§ **WORK INSTRUCTIONS**
Starting with the line that contains "intros Ht e" and stopping after the line that contains "- rewrite Rplus_0_r, Rminus_diag, Rabs_R0.", copy the entries below exactly. Include nothing else.
>>
(* A field cannot be maximal in T: compare it with [R[t^2, t^3]] for [t] outside R. *)
Lemma image_not_field : ~ forall r : R, r != 0 -> exists a, a * r = 1.
Proof.
move=> Rfield; have [t tR] := f_max.1.
pose S z := exists2 q : {poly R}, q`_1 = 0 & z = (map_poly f q).[t].
have RS r : S (f r) by exists r%:P; rewrite ?coefC // map_polyC hornerC.
have [/(_ t) [q q1 tq] | /(_ (t ^+ 2)) t2R] := f_max.2 S (is_subring_eval_coef1_eq0 f t) RS.
- pose p := 'X - q.
  have p1 : p`_1 = 1 by rewrite coefB coefX q1 subr0.
  have p_neq0 : p != 0 by apply: contra_eq_neq p1 => ->; rewrite coef0 eq_sym oner_neq0.
  have [a aE] : exists a, a * lead_coef p = 1 by apply: Rfield; rewrite lead_coef_eq0.
  have [r rE] : exists r, t = f r.
    apply: f_intcl; exists (a *: p); first by rewrite monicE lead_coefZ aE.
    by rewrite /root map_polyZ hornerZ rmorphB /= map_polyX hornerD hornerN hornerX -tq subrr mulr0.
  exact: tR r rE.
- have [a aE] : exists a, t ^+ 2 = f a by apply: t2R; exists 'X^2; rewrite ?coefXn // map_polyXn hornerXn.
  by have [r rE] := sqr_in_image aE; apply: tR r rE.
Qed.

Lemma maximal_ideal_neq0 (M : R -> Prop) : is_maximal_ideal M -> exists2 m, M m & m != 0.
Proof.
move=> Mmax; apply: NNPP => M_eq0; apply: image_not_field.
apply: (maximal_ideal0_inv Mmax) => m Mm; apply: NNPP => /eqP m0.
by apply: M_eq0; exists m.
Qed.

Lemma loc_equal_denominator (P : R -> Prop) t : is_prime_ideal P -> loc_equal f P ->
  exists u a, ~ P u /\ f u * t = f a.
Proof.
move=> [_ nP1 Pmul] Ploc.
have [r [_ [[s [nPs ->]] [_ [[u [nPu ->]] tE]]]]] :=
  Ploc t 1 (ex_intro _ 1 (conj nP1 (esym (rmorph1 f)))).
exists (u * s), (u * r); split; first by move/Pmul => [].
by apply/eqP; rewrite -subr_eq0 !rmorphM; apply/eqP; rewrite -tE; ring.
Qed.

Lemma multiplier_not_stable (I : R -> Prop) m0 t : noetherian R -> I m0 -> m0 != 0 ->
    (forall r, t <> f r) -> (forall m, I m -> exists a, f m * t = f a) ->
  exists m s, [/\ I m, ~ I s & f m * t = f s].
Proof.
move=> noethR Im0 m00 tR ItR; apply: NNPP => stable.
have ItI m : I m -> exists2 a, I a & f m * t = f a.
  move=> Im; have [a aE] := ItR m Im; exists a => //.
  by apply: NNPP => nIa; apply: stable; exists m, a.
have m0tI k : exists2 m, I m & f m0 * t ^+ k = f m.
  elim: k => [|k [m Im mE]]; first by exists m0; rewrite ?expr0 ?mulr1.
  have [a Ia aE] := ItI m Im; exists a => //.
  by rewrite exprS mulrCA mE mulrC aE.
have [r rE] : exists r, t = f r.
  apply: (almost_integral_in_image noethR m00) => k.
  by have [m _ mE] := m0tI k; exists m.
exact: tR r rE.
Qed.

(* An associated prime of [{r | f r * t0 \in R}], for [t0] outside R, localizes
   R and T differently, so it is the crucial ideal. *)
Lemma crucial_ideal_multiplier M : noetherian R -> crucial_maximal_ideal f M ->
  exists t, (forall r, t <> f r) /\ (forall m, M m -> exists a, f m * t = f a).
Proof.
move=> noethR [_ _ Mloc]; have [t0 t0R] := f_max.1.
pose D r := exists a, f r * t0 = f a.
have idD : is_ideal D.
  split; first by exists 0; rewrite !rmorph0 mul0r.
  - by move=> x y [a aE] [b bE]; exists (a + b); rewrite !rmorphD mulrDl aE bE.
  - by move=> a x [b bE]; exists (a * b); rewrite !rmorphM -mulrA bE.
have nD1 : ~ D 1 by move=> [a aE]; apply: (t0R a); rewrite -aE rmorph1 mul1r.
have [c nDc Pprime] := associated_prime_exists noethR idD nD1.
have PM : forall x, D (x * c) <-> M x.
  apply: NNPP => PnM; have [u [a [nPu uE]]] := loc_equal_denominator t0 Pprime (Mloc _ Pprime PnM).
  by apply: nPu; apply: idealMr => //; exists a.
exists (f c * t0); split; first by move=> r rE; apply: nDc; exists r.
by move=> m /PM [a aE]; exists a; rewrite mulrA -rmorphM.
Qed.
Definition is_optimal_robust (t : spt) (fixed : sparc t -> bool) (u c : sparc t -> nat)
  (d1 d2 : nat) (f1 f2 : sparc t -> nat) : Prop :=
  is_robust fixed u d1 d2 f1 f2 /\
  forall g1 g2, is_robust fixed u d1 d2 g1 g2 ->
    robust_cost c f1 f2 <= robust_cost c g1 g2.

From mathcomp Require Import all_boot all_order all_algebra.
From mathcomp Require Import zify.
From Stdlib Require Import Classical Wf_nat.
Set Implicit Arguments. Unset Strict Implicit. Unset Printing Implicit Defensive.
Import Order.TTheory GRing.Theory Num.Theory.

(* The heart of the argument is an interpolation property of
   series-parallel digraphs: if f1 and f2 are o-q flows of values d1 and d2,
   then for every value p between min(d1,d2) and d2 there is an o-q flow g of
   value p with min(f1,f2) <= g <= f2 arcwise.  It is proved by induction on
   the decomposition tree: a series composition passes the same value through
   both parts, a parallel composition splits p between the two parts.
   For the theorem, take an optimal robust flow (f1,f2) and interpolate at
   p = d1: the resulting g agrees with f1 = f2 on fixed arcs, respects the
   capacities since g <= f2, and has cost at most c(f2), so (g,f2) is again
   optimal and satisfies g <= f2. *)

Local Open Scope ring_scope.

Definition excess (L : seq (nat * nat)) (f : nat -> nat) (v : nat) : int :=
  \sum_(0 <= i < size L)
    ((if (nth (0, 0)%N L i).1 == v then Posz (f i) else 0)
     - (if (nth (0, 0)%N L i).2 == v then Posz (f i) else 0)).

Definition stbal (o q : nat) (p : int) (v : nat) : int :=
  if v == o then p else if v == q then - p else 0.

Definition stflow (L : seq (nat * nat)) (o q : nat) (p : int) (f : nat -> nat) : Prop :=
  forall v, excess L f v = stbal o q p v.

Definition within (P : pred nat) (L : seq (nat * nat)) : bool :=
  all (fun e => P e.1 && P e.2) L.

Lemma within_sub (P Q : pred nat) L : (forall v, P v -> Q v) -> within P L -> within Q L.
Proof. by move=> PQ; apply: sub_all => e /andP[/PQ -> /PQ ->]. Qed.

Lemma within_cat P A B : within P A -> within P B -> within P (A ++ B).
Proof. by rewrite /within all_cat => -> ->. Qed.

Definition glue (n : nat) (g1 g2 : nat -> nat) (i : nat) : nat :=
  if (i < n)%N then g1 i else g2 (i - n)%N.

Lemma excess_ext L f g v :
  (forall i, (i < size L)%N -> f i = g i) -> excess L f v = excess L g v.
Proof.
move=> fg; rewrite /excess big_nat [RHS]big_nat.
by apply: eq_bigr => i /andP[_ /fg ->].
Qed.
Lemma ode_solution_coord t : 0 <= t -> forall e, 0 < e -> exists d, 0 < d /\
  forall h, h <> 0 -> Rabs h < d -> 0 <= t + h -> forall i, (i < n)%nat ->
    Rabs ((vget (Xc (t + h)) i - vget (Xc t) i) / h - vget (fbar (Xc t)) i) < e.
Proof.
  intros Ht e He. destruct (Hode t Ht e He) as [d [Hd Hd']]. exists d. split; auto.
  intros h Hh Hhd Hth i Hi. specialize (Hd' h Hh Hhd Hth).
  eapply Rle_lt_trans; [|apply Hd']. rewrite vnorm_norm2.
  eapply Rle_trans; [|apply (abs_le_norm2 _ _ i Hi)]. right. f_equal.
  rewrite vget_vsub, vget_vscal, vget_vsub. unfold Rdiv. ring.
Qed.

(** Extended to negative times so that the results on functions on [R] apply up to [t = 0]. *)
Definition clamped_coord (i : nat) (s : R) : R := vget (Xc (Rmax 0 s)) i.

Lemma clamped_coord_continuous i t : (i < n)%nat -> 0 <= t -> continuity_pt (clamped_coord i) t.
Proof.
  intros Hi Ht. destruct (ode_solution_coord t Ht 1 ltac:(lra)) as [d [Hd Hd']].
  set (g := vget (fbar (Xc t)) i).
  assert (Hg0 : 0 < Rabs g + 1) by (assert (0 <= Rabs g) by apply Rabs_pos; lra).
  assert (Hb : forall h, Rabs h < d -> 0 <= t + h ->
      Rabs (vget (Xc (t + h)) i - vget (Xc t) i) <= Rabs h * (Rabs g + 1)).
  { intros h Hh Hth. destruct (Req_dec h 0) as [->|Hh0].
    - rewrite Rplus_0_r, Rminus_diag, Rabs_R0. lra.
    - specialize (Hd' h Hh0 Hh Hth i Hi). fold g in Hd'.
      replace (vget (Xc (t + h)) i - vget (Xc t) i)
        with (h * ((vget (Xc (t + h)) i - vget (Xc t) i) / h)) by (field; auto).
      rewrite Rabs_mult. apply Rmult_le_compat_l; [apply Rabs_pos|].
      replace ((vget (Xc (t + h)) i - vget (Xc t) i) / h)
        with (((vget (Xc (t + h)) i - vget (Xc t) i) / h - g) + g) by ring.
      eapply Rle_trans; [apply Rabs_triang|lra]. }
  intros e He. exists (Rmin d (e / (Rabs g + 1))).
  split; [apply Rmin_pos; auto; apply Rdiv_lt_0_compat; auto|].
  intros x [_ Hx]. simpl in *. unfold R_dist, clamped_coord in *.
  assert (Hx1 : Rabs (x - t) < d) by (eapply Rlt_le_trans; [apply Hx|apply Rmin_l]).
  assert (Hx2 : Rabs (x - t) * (Rabs g + 1) < e).
  { assert (Rabs (x - t) < e / (Rabs g + 1)) by (eapply Rlt_le_trans; [apply Hx|apply Rmin_r]).
    apply (Rmult_lt_compat_r (Rabs g + 1)) in H; auto. field_simplify in H; lra. }
  rewrite (Rmax_right 0 t) by auto.
  destruct (Rle_dec 0 x).
  - rewrite Rmax_right by auto. replace x with (t + (x - t)) by ring.
    eapply Rle_lt_trans; [apply Hb; auto; lra|]. replace (t + (x - t)) with x by ring. auto.
  - rewrite Rmax_left by lra. destruct (Req_dec t 0) as [->|Ht0].
    + rewrite Rminus_diag, Rabs_R0. lra.
    + replace 0 with (t + (- t)) by ring.
      rewrite Rabs_left in Hx1, Hx2 by lra.
      eapply Rle_lt_trans; [apply Hb; [rewrite Rabs_Ropp, Rabs_right; lra|lra]|].
      rewrite Rabs_Ropp, Rabs_right by lra. nra.
Qed.

Lemma clamped_coord_derivable i t : (i < n)%nat -> 0 < t ->
  derivable_pt_lim (clamped_coord i) t (vget (fbar (Xc t)) i).
Proof.
  intros Hi Ht e He. destruct (ode_solution_coord t ltac:(lra) e He) as [d [Hd Hd']].
  exists (mkposreal (Rmin d t) (Rmin_pos _ _ Hd Ht)). intros h Hh Hhd. simpl in Hhd.
  assert (Hht : Rabs h < t) by (eapply Rlt_le_trans; [apply Hhd|apply Rmin_r]).
  apply Rabs_def2 in Hht as Hht'.
  unfold clamped_coord. rewrite (Rmax_right 0 t), (Rmax_right 0 (t + h)) by lra.
  apply Hd'; auto; [|lra]. eapply Rlt_le_trans; [apply Hhd|apply Rmin_l].
Qed.

Lemma ode_solution_mvt i s t : (i < n)%nat -> 0 <= s <= t -> exists c, s <= c <= t /\
  vget (Xc t) i - vget (Xc s) i = vget (fbar (Xc c)) i * (t - s).
Proof.
  intros Hi Hst. destruct (Req_dec s t) as [->|Hne]; [exists t; split; [lra|ring]|].
  destruct (MVT_closed (clamped_coord i) (fun c => vget (fbar (Xc c)) i) s t) as [c [Hc Hc']].
  - lra.
  - intros x Hx. apply clamped_coord_derivable; auto. lra.
  - intros x Hx. apply clamped_coord_continuous; auto. lra.
  - exists c. split; auto. unfold clamped_coord in Hc'. rewrite !Rmax_right in Hc' by lra. auto.
Qed.

Lemma ode_solution_bounded M : 0 <= M -> exists r, 0 <= r /\ forall t, 0 <= t <= M -> cube n r (Xc t).
Proof.
  intros HM.
  assert (Hc : forall i, exists B, 0 <= B /\
     ((i < n)%nat -> forall t, 0 <= t <= M -> Rabs (vget (Xc t) i) <= B)).
  { intros i. destruct (lt_dec i n) as [Hi|Hi]; [|exists 0; split; [lra|intros; lia]].
    assert (Hcont : forall t, 0 <= t <= M -> continuity_pt (clamped_coord i) t)
      by (intros; apply clamped_coord_continuous; auto; lra).
    destruct (continuity_ab_maj (clamped_coord i) 0 M HM Hcont) as [a [Ha _]].
    destruct (continuity_ab_min (clamped_coord i) 0 M HM Hcont) as [b [Hb _]].
    exists (Rabs (clamped_coord i a) + Rabs (clamped_coord i b)).
    split; [assert (H1 := Rabs_pos (clamped_coord i a)); assert (H2 := Rabs_pos (clamped_coord i b)); lra|].
    intros _ t Ht. specialize (Ha t Ht). specialize (Hb t Ht).
    unfold clamped_coord in Ha, Hb |- *. rewrite (Rmax_right 0 t) in Ha, Hb by lra.
    revert Ha Hb. generalize (vget (Xc (Rmax 0 a)) i) (vget (Xc (Rmax 0 b)) i) (vget (Xc t) i).
    intros u v w Hu Hv. unfold Rabs; repeat destruct Rcase_abs; lra. }
  destruct (choice _ Hc) as [B HB].
  exists (rsum B n). split; [apply rsum_nonneg; intros; apply HB|].
  intros t Ht i Hi. eapply Rle_trans; [apply (proj2 (HB i)); auto|].
  apply rsum_term_le; auto. intros; apply HB.
Qed.

Variables (M r Bf L : R).
Hypothesis HXc : forall t, 0 <= t <= M -> cube n r (Xc t).
Hypothesis Hfbar_bound : forall z, cube n r z -> norm1 n (vget (fbar z)) <= Bf.
Hypothesis Hfbar_lip : forall z1 z2, cube n r z1 -> cube n r z2 -> dist1 (fbar z1) (fbar z2) <= L * dist1 z1 z2.
Hypothesis HL : 0 <= L.

Lemma ode_solution_lipschitz s t : 0 <= s <= t -> t <= M -> dist1 (Xc t) (Xc s) <= INR n * Bf * (t - s).
Proof.
  intros Hst HtM. unfold dist1, norm1. rewrite Rmult_assoc, <- rsum_const. apply rsum_le.
  intros i Hi. destruct (ode_solution_mvt i s t Hi Hst) as [c [Hc Hc']].
  rewrite Hc', Rabs_mult, (Rabs_right (t - s)) by lra.
  apply Rmult_le_compat_r; [lra|].
  eapply Rle_trans; [apply (abs_le_norm1 n); auto|]. apply Hfbar_bound, HXc. lra.
Qed.

Lemma ode_solution_taylor s h : 0 <= s -> 0 <= h -> s + h <= M ->
  norm1 n (fun c => vget (Xc (s + h)) c - vget (Xc s) c - h * vget (fbar (Xc s)) c)
    <= INR n * (L * (INR n * Bf) * h ^ 2).
Proof.
  intros Hs Hh HM. unfold norm1. rewrite <- rsum_const. apply rsum_le. intros i Hi.
  destruct (ode_solution_mvt i s (s + h) Hi ltac:(lra)) as [c [Hc Hc']].
  replace (vget (Xc (s + h)) i - vget (Xc s) i - h * vget (fbar (Xc s)) i)
    with (h * (vget (fbar (Xc c)) i - vget (fbar (Xc s)) i)) by (rewrite Hc'; ring).
  rewrite Rabs_mult, (Rabs_right h) by lra.
  assert (HBf : 0 <= Bf)
    by (apply Rle_trans with (norm1 n (vget (fbar (Xc s)))); [apply norm1_nonneg|apply Hfbar_bound, HXc; lra]).
  assert (0 <= INR n) by apply pos_INR.
  assert (H1 : Rabs (vget (fbar (Xc c)) i - vget (fbar (Xc s)) i) <= L * (INR n * Bf * h)).
  { eapply Rle_trans; [apply (abs_le_norm1 n (fun i => vget (fbar (Xc c)) i - vget (fbar (Xc s)) i)); auto|].
    eapply Rle_trans; [apply Hfbar_lip; apply HXc; lra|]. apply Rmult_le_compat_l; auto.
    eapply Rle_trans; [apply ode_solution_lipschitz; lra|]. apply Rmult_le_compat_l; nra. }
  replace (L * (INR n * Bf) * h ^ 2) with (h * (L * (INR n * Bf * h))) by ring.
  apply Rmult_le_compat_l; lra.
Qed.

End AverageODE.

(** * Ergodic averages *)

Lemma norm1_average n (g : nat -> nat -> R) N B : (forall k, norm1 n (g k) <= B) ->
  norm1 n (fun c => / INR (S N) * rsum (fun k => g k c) (S N)) <= B.
Proof.
  intros Hg. assert (HN : 0 < INR (S N)) by (apply lt_0_INR; lia).
  rewrite norm1_scal, Rabs_right by (left; apply Rinv_0_lt_compat; auto).
  apply Rle_trans with (/ INR (S N) * rsum (fun _ => B) (S N)).
  - apply Rmult_le_compat_l; [left; apply Rinv_0_lt_compat; auto|].
    eapply Rle_trans; [apply (norm1_rsum n (fun k c => g k c))|]. apply rsum_le; auto.
  - rewrite rsum_const. right. field. lra.
Qed.

Section ErgodicAverage.

Context {n m : nat} {Omega : Type}.
Variables (f : vec n -> vec m -> vec n) (Y : nat -> Omega -> vec m) (w : Omega).

(** Matches the averages of hypothesis (A2). *)
Definition ergodic_avg (z : vec n) (N : nat) : vec n :=
  vscal (/ INR (N + 1)) (vsum (fun k => f z (Y (S k) w)) N).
<<
§ **EXERCISE SOLUTION**
  intros Ht e He. destruct (Hode t Ht e He) as [d [Hd Hd']]. exists d. split; auto.
  intros h Hh Hhd Hth i Hi. specialize (Hd' h Hh Hhd Hth).
  eapply Rle_lt_trans; [|apply Hd']. rewrite vnorm_norm2.
  eapply Rle_trans; [|apply (abs_le_norm2 _ _ i Hi)]. right. f_equal.
  rewrite vget_vsub, vget_vscal, vget_vsub. unfold Rdiv. ring.
Qed.

(** Extended to negative times so that the results on functions on [R] apply up to [t = 0]. *)
Definition clamped_coord (i : nat) (s : R) : R := vget (Xc (Rmax 0 s)) i.

Lemma clamped_coord_continuous i t : (i < n)%nat -> 0 <= t -> continuity_pt (clamped_coord i) t.
Proof.
  intros Hi Ht. destruct (ode_solution_coord t Ht 1 ltac:(lra)) as [d [Hd Hd']].
  set (g := vget (fbar (Xc t)) i).
  assert (Hg0 : 0 < Rabs g + 1) by (assert (0 <= Rabs g) by apply Rabs_pos; lra).
  assert (Hb : forall h, Rabs h < d -> 0 <= t + h ->
      Rabs (vget (Xc (t + h)) i - vget (Xc t) i) <= Rabs h * (Rabs g + 1)).
  { intros h Hh Hth. destruct (Req_dec h 0) as [->|Hh0].
    - rewrite Rplus_0_r, Rminus_diag, Rabs_R0. lra.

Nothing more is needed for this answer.